TASK STATEMENT:
Lines below starting with the line with "assert (g x <> 0)." and going on through the line with "expands f a0 a1 -> expands g b0 b1 -> b0" must be output exactly; the rest of the records must be left out.

DATASET EXCERPTS:

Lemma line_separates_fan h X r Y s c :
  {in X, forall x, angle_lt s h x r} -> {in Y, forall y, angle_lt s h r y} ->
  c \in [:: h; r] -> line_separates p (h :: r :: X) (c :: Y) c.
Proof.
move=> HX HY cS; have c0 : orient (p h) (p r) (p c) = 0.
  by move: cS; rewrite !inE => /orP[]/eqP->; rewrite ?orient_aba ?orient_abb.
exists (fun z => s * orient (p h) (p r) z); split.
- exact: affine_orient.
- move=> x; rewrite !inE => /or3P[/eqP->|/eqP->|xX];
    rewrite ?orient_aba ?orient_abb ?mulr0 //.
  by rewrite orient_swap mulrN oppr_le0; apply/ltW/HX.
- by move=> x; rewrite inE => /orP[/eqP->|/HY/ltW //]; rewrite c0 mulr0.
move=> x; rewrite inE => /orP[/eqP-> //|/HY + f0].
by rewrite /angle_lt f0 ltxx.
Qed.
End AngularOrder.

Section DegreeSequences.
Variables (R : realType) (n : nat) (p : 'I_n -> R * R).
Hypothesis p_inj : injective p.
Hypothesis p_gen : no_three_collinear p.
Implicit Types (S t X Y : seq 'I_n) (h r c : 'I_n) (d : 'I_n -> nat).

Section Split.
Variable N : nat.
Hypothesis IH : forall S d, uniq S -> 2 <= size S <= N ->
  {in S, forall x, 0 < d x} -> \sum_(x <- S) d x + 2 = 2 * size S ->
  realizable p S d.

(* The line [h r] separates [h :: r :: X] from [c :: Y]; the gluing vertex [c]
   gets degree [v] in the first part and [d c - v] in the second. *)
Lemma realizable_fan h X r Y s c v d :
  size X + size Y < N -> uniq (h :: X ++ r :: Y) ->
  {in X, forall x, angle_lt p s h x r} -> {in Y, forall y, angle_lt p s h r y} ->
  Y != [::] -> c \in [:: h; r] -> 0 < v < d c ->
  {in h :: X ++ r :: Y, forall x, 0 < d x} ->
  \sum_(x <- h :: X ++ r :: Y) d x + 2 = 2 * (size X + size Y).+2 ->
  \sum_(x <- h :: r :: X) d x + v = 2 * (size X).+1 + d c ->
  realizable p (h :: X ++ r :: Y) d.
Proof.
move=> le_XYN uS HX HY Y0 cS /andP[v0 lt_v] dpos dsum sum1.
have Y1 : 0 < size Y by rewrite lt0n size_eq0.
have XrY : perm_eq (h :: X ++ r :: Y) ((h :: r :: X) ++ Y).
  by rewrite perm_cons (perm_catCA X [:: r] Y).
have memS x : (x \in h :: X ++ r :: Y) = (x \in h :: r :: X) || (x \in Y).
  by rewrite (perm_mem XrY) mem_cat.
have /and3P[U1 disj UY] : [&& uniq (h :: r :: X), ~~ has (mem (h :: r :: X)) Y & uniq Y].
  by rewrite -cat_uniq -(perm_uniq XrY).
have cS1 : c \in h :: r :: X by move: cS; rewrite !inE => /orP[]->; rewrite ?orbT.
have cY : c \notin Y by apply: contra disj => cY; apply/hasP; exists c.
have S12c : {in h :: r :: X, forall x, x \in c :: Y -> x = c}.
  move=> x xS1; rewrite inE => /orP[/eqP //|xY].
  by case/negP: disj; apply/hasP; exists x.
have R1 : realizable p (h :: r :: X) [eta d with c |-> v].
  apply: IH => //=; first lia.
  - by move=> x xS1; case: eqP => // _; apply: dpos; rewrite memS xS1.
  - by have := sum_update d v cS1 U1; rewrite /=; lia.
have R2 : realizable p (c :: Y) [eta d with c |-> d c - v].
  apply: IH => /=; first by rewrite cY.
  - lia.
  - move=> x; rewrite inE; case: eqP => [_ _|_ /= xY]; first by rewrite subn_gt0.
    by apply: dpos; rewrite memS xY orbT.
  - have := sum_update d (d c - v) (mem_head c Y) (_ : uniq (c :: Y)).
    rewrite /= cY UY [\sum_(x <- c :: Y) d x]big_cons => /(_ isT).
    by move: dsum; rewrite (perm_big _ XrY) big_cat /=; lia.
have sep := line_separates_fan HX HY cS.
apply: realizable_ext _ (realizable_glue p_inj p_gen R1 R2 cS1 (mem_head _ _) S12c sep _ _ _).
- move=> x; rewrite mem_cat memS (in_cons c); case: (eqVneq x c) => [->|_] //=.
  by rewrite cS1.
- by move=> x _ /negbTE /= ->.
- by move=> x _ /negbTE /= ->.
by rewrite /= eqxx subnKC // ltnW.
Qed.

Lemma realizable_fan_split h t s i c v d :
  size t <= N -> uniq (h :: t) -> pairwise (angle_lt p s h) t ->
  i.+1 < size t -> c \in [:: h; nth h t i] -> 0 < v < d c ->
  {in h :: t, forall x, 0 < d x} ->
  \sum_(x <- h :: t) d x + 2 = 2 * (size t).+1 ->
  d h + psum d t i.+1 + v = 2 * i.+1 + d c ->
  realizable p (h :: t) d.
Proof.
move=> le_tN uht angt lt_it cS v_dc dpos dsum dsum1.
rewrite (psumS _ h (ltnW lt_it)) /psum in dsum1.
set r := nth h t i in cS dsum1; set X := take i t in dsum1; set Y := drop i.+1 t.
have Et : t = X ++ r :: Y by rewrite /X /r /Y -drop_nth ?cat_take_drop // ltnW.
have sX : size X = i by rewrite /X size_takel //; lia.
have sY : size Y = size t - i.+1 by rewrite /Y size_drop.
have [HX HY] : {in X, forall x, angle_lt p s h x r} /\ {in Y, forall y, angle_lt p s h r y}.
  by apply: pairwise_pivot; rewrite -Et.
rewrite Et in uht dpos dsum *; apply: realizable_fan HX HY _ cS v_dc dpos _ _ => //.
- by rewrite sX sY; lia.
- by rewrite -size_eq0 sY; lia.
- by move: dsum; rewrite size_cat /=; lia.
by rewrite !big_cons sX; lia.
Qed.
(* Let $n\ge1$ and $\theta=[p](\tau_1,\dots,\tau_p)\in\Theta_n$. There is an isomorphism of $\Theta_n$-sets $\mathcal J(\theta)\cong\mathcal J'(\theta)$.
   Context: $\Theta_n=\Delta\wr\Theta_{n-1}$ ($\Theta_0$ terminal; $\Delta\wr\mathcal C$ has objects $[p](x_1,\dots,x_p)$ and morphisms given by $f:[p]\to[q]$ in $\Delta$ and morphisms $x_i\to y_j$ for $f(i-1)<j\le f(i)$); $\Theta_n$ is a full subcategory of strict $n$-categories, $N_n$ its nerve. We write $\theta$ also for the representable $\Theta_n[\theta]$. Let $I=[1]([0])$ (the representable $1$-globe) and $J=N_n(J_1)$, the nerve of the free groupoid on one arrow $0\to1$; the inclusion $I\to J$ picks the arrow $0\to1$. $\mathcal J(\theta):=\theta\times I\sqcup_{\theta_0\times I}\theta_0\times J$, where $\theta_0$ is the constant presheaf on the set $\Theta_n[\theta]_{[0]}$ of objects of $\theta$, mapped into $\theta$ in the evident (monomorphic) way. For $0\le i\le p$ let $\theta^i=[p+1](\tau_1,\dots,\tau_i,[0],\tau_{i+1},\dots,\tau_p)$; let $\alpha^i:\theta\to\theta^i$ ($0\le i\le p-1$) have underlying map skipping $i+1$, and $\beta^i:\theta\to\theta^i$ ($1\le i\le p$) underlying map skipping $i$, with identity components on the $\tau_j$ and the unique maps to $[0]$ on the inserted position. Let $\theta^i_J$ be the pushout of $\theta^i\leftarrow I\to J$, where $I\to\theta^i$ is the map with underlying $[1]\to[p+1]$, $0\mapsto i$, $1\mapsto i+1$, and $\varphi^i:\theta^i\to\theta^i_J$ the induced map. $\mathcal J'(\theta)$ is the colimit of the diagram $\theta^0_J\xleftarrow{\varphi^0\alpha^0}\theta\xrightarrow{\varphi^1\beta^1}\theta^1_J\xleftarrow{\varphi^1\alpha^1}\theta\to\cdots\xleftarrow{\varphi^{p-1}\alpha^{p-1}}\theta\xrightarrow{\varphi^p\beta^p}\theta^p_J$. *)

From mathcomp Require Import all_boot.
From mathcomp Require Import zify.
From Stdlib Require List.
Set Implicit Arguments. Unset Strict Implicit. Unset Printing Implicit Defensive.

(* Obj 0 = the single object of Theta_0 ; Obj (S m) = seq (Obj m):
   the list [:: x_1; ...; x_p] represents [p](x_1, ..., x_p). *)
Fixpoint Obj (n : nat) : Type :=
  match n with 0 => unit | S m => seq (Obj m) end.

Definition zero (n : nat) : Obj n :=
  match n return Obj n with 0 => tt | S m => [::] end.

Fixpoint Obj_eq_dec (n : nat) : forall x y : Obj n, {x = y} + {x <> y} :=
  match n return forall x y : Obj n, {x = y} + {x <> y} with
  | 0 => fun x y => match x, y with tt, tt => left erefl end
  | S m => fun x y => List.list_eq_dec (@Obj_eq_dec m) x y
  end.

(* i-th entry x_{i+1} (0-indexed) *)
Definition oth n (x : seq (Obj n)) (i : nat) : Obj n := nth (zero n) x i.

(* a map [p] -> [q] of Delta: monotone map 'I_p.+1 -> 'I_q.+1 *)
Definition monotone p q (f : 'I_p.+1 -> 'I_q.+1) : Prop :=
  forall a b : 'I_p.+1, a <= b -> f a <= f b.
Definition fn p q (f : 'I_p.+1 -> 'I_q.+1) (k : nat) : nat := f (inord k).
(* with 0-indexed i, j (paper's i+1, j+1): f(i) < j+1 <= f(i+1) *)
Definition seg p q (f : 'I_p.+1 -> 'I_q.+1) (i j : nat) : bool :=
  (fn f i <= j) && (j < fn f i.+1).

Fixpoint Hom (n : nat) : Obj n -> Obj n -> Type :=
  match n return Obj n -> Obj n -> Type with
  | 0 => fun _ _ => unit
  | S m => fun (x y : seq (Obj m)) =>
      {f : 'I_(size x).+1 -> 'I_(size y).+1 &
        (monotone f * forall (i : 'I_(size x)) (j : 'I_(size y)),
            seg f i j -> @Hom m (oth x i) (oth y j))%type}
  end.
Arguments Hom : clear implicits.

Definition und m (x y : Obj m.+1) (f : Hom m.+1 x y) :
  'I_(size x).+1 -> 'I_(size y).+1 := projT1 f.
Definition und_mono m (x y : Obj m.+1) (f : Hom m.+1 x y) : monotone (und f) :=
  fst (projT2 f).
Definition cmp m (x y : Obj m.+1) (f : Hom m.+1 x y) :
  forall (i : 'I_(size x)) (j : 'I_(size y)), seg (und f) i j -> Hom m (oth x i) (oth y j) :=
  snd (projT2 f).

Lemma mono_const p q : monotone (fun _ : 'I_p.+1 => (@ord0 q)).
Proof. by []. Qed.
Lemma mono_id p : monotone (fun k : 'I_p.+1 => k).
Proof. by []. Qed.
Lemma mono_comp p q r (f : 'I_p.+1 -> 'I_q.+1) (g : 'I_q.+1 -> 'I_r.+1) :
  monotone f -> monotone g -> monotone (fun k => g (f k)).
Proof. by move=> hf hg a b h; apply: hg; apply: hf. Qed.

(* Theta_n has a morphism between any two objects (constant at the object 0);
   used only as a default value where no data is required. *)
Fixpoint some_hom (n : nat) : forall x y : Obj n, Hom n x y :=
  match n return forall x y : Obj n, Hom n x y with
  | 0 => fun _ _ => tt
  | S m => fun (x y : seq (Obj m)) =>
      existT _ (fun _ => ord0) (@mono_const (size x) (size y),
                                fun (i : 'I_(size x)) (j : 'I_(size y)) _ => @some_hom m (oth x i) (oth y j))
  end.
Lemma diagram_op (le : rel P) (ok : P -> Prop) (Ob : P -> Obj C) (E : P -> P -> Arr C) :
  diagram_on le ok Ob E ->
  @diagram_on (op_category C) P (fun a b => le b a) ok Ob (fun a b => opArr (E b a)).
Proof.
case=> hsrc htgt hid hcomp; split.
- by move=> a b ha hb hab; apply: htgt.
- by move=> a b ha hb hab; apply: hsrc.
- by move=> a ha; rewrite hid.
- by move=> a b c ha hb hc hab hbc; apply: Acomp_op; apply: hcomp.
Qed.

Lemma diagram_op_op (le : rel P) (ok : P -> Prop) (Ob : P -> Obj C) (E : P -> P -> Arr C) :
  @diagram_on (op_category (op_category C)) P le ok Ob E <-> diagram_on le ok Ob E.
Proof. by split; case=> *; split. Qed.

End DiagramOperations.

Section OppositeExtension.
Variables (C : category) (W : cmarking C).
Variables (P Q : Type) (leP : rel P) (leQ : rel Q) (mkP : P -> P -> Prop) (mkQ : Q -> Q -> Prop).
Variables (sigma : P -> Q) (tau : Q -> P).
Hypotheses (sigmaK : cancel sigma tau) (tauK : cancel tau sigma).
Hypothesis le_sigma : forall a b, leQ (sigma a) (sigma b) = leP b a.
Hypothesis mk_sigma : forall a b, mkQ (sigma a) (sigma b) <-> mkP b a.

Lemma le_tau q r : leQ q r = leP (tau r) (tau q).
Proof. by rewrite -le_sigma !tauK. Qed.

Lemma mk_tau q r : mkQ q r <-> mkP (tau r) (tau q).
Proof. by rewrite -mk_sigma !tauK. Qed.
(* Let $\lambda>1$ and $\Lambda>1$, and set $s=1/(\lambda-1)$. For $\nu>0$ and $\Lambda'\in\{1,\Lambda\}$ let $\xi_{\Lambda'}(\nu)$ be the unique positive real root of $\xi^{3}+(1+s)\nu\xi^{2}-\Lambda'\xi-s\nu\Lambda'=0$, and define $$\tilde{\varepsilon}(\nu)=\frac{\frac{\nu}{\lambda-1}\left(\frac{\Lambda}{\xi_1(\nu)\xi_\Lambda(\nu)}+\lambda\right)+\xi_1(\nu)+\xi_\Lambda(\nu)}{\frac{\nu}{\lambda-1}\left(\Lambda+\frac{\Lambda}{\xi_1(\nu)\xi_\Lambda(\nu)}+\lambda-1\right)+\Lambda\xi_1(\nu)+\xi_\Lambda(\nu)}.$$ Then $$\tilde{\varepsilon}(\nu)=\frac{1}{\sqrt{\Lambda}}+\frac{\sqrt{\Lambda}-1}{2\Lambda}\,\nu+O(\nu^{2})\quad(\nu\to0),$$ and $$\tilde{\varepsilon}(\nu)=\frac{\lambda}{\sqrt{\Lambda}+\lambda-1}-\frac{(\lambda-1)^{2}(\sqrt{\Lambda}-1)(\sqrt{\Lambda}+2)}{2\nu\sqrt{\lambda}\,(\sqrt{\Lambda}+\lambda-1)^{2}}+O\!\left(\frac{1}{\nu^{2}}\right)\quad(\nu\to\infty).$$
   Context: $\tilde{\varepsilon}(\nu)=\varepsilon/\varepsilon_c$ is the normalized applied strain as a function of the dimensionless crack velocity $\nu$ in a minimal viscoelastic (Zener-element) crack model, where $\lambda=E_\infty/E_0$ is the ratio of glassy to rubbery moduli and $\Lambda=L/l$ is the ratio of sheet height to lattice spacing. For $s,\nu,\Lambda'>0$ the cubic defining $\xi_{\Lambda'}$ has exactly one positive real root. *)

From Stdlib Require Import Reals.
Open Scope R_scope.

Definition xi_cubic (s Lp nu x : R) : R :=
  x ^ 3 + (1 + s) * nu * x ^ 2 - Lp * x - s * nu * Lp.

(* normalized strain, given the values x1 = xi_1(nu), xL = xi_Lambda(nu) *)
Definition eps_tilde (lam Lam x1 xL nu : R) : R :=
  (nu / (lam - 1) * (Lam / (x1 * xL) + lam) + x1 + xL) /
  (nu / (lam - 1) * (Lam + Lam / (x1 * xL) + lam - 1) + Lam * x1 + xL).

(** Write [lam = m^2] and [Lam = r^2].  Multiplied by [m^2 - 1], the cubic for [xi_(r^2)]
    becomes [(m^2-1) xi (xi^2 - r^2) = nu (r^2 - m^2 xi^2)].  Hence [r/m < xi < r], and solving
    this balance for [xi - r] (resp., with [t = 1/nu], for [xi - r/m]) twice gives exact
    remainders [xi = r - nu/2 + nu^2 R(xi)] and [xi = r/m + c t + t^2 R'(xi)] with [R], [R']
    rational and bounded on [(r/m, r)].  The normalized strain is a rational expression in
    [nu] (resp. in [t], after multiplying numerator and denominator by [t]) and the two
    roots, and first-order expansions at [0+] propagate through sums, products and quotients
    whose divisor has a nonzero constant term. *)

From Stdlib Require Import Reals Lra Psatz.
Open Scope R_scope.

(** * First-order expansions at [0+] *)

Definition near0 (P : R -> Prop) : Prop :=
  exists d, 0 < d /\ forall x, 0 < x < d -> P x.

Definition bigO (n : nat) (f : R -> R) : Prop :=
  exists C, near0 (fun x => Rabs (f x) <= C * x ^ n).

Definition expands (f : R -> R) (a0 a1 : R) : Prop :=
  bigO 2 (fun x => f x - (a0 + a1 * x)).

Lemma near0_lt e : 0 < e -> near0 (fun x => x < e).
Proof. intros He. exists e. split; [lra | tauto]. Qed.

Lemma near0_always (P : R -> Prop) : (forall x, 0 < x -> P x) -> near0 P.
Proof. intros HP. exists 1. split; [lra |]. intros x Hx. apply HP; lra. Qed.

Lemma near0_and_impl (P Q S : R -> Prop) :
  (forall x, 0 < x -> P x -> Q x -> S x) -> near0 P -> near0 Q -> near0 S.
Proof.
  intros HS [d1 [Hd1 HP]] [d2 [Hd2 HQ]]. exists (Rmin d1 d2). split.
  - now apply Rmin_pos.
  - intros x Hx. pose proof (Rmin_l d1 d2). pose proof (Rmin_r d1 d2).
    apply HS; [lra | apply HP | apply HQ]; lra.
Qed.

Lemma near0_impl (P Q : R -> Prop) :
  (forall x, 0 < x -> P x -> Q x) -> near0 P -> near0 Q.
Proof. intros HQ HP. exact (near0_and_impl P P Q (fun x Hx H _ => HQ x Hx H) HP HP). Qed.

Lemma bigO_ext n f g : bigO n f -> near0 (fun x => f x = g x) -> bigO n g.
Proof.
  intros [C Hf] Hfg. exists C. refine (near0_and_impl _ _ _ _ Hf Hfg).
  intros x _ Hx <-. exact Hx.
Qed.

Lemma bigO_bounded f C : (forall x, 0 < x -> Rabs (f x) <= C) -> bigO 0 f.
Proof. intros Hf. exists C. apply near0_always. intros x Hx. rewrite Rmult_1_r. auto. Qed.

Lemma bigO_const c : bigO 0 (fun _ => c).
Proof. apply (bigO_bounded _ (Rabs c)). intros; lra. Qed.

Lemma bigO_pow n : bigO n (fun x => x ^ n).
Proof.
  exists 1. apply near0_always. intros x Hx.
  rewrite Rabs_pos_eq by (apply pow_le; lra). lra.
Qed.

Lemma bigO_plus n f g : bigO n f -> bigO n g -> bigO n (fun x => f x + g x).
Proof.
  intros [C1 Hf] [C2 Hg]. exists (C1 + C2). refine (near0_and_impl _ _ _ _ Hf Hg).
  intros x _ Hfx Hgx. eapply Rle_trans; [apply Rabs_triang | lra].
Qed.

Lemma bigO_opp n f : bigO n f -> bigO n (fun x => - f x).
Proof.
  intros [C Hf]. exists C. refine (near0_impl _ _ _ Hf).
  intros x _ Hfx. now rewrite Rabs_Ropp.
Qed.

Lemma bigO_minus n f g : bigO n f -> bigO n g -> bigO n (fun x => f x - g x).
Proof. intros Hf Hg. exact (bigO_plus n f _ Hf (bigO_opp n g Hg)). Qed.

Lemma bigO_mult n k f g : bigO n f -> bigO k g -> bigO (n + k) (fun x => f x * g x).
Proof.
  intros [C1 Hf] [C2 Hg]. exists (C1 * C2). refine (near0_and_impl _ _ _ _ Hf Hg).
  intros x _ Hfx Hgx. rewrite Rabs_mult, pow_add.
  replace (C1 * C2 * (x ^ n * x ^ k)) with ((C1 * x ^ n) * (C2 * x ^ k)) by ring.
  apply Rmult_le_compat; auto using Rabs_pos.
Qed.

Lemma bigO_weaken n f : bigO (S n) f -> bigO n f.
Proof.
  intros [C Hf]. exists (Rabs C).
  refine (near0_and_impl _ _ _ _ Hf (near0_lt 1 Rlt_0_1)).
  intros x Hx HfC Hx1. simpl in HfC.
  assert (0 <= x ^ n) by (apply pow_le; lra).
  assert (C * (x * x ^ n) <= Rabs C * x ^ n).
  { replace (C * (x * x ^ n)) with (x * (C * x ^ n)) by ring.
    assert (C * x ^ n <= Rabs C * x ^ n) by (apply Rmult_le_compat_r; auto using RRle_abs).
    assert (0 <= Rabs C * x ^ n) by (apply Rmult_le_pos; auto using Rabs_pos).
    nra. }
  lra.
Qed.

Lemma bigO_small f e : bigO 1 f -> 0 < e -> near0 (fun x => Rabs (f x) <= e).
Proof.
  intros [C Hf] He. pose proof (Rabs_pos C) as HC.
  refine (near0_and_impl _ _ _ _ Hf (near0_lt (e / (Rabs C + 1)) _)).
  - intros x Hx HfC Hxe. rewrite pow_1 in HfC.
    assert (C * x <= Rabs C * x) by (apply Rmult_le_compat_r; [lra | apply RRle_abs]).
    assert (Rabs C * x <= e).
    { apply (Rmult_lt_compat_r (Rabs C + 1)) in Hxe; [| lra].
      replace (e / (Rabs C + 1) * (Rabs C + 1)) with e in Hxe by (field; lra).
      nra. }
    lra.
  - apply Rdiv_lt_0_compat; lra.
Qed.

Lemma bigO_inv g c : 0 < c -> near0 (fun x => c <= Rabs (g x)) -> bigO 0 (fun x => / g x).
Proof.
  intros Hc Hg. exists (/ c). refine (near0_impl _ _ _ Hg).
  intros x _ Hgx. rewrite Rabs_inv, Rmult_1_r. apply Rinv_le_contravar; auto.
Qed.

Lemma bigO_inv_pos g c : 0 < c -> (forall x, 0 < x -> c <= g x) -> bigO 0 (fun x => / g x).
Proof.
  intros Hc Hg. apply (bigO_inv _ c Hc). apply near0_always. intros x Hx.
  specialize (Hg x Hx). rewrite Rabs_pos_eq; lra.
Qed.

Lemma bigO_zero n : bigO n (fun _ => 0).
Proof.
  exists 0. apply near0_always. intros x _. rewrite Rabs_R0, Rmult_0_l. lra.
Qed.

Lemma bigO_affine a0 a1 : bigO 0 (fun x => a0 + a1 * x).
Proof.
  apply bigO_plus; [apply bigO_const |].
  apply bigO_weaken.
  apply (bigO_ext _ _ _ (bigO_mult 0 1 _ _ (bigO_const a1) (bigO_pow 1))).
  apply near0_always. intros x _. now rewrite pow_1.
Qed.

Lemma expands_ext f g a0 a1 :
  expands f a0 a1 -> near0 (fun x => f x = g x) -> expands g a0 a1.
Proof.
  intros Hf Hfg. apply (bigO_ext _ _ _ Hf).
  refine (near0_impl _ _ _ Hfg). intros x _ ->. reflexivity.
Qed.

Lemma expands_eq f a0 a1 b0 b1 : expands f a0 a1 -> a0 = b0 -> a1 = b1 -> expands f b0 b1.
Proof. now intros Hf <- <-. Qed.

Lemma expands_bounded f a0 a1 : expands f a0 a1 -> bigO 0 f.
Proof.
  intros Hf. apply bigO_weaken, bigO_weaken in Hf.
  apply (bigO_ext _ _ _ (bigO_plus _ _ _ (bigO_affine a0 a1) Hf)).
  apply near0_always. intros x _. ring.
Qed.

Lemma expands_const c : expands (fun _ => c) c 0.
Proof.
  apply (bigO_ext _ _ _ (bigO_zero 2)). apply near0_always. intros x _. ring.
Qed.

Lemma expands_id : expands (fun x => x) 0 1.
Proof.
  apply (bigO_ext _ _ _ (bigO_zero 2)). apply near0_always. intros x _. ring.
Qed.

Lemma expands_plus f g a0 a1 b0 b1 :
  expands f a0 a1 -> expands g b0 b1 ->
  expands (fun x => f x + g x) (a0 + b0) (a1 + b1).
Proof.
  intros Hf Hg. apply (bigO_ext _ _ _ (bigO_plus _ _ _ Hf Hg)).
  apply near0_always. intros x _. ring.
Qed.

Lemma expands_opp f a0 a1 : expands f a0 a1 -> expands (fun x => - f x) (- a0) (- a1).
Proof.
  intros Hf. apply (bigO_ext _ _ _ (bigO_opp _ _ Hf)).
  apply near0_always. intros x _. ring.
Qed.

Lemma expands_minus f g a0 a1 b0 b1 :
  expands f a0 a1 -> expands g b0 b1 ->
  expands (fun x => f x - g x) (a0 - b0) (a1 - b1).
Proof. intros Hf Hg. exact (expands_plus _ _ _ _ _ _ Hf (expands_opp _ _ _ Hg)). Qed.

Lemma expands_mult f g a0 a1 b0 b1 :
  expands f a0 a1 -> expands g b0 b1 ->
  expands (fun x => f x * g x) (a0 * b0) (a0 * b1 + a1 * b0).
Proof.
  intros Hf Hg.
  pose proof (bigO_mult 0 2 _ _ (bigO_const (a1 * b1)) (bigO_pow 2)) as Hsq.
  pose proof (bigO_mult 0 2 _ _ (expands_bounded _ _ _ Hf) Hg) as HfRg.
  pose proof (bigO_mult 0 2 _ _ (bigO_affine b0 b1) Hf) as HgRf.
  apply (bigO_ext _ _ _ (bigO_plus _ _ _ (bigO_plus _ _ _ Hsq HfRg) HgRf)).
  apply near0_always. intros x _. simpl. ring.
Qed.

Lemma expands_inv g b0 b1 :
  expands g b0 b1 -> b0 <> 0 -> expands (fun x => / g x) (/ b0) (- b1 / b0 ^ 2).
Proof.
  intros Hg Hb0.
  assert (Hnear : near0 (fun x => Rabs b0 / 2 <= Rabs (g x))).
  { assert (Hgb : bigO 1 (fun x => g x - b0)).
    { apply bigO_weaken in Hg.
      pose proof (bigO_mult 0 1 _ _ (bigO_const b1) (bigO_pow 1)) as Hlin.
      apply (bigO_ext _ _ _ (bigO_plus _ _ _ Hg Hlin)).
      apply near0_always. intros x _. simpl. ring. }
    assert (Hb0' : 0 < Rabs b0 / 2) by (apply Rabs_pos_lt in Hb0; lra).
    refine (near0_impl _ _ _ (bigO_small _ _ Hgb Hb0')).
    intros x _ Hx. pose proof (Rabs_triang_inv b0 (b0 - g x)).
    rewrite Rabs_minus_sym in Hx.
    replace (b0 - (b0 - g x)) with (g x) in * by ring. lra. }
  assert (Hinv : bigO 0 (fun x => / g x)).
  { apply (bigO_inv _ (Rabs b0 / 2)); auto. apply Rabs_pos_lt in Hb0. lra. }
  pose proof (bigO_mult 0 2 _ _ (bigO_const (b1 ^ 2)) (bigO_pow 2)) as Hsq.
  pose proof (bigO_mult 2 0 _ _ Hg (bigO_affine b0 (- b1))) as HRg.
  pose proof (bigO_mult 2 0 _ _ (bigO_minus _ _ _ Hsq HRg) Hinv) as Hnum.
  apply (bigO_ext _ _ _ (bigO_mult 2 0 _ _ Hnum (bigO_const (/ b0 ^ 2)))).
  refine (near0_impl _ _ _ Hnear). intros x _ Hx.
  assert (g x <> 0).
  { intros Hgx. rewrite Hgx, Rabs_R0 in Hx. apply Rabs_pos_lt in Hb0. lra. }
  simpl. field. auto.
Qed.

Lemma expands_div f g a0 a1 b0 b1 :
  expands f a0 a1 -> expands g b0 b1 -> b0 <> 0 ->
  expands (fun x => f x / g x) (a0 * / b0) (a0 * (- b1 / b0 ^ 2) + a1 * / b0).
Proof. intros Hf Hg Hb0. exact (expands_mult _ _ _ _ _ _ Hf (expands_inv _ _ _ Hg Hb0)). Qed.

TASK OUTPUT:
  assert (g x <> 0).
  { intros Hgx. rewrite Hgx, Rabs_R0 in Hx. apply Rabs_pos_lt in Hb0. lra. }
  simpl. field. auto.
Qed.

Lemma expands_div f g a0 a1 b0 b1 :
  expands f a0 a1 -> expands g b0 b1 -> b0 <> 0 ->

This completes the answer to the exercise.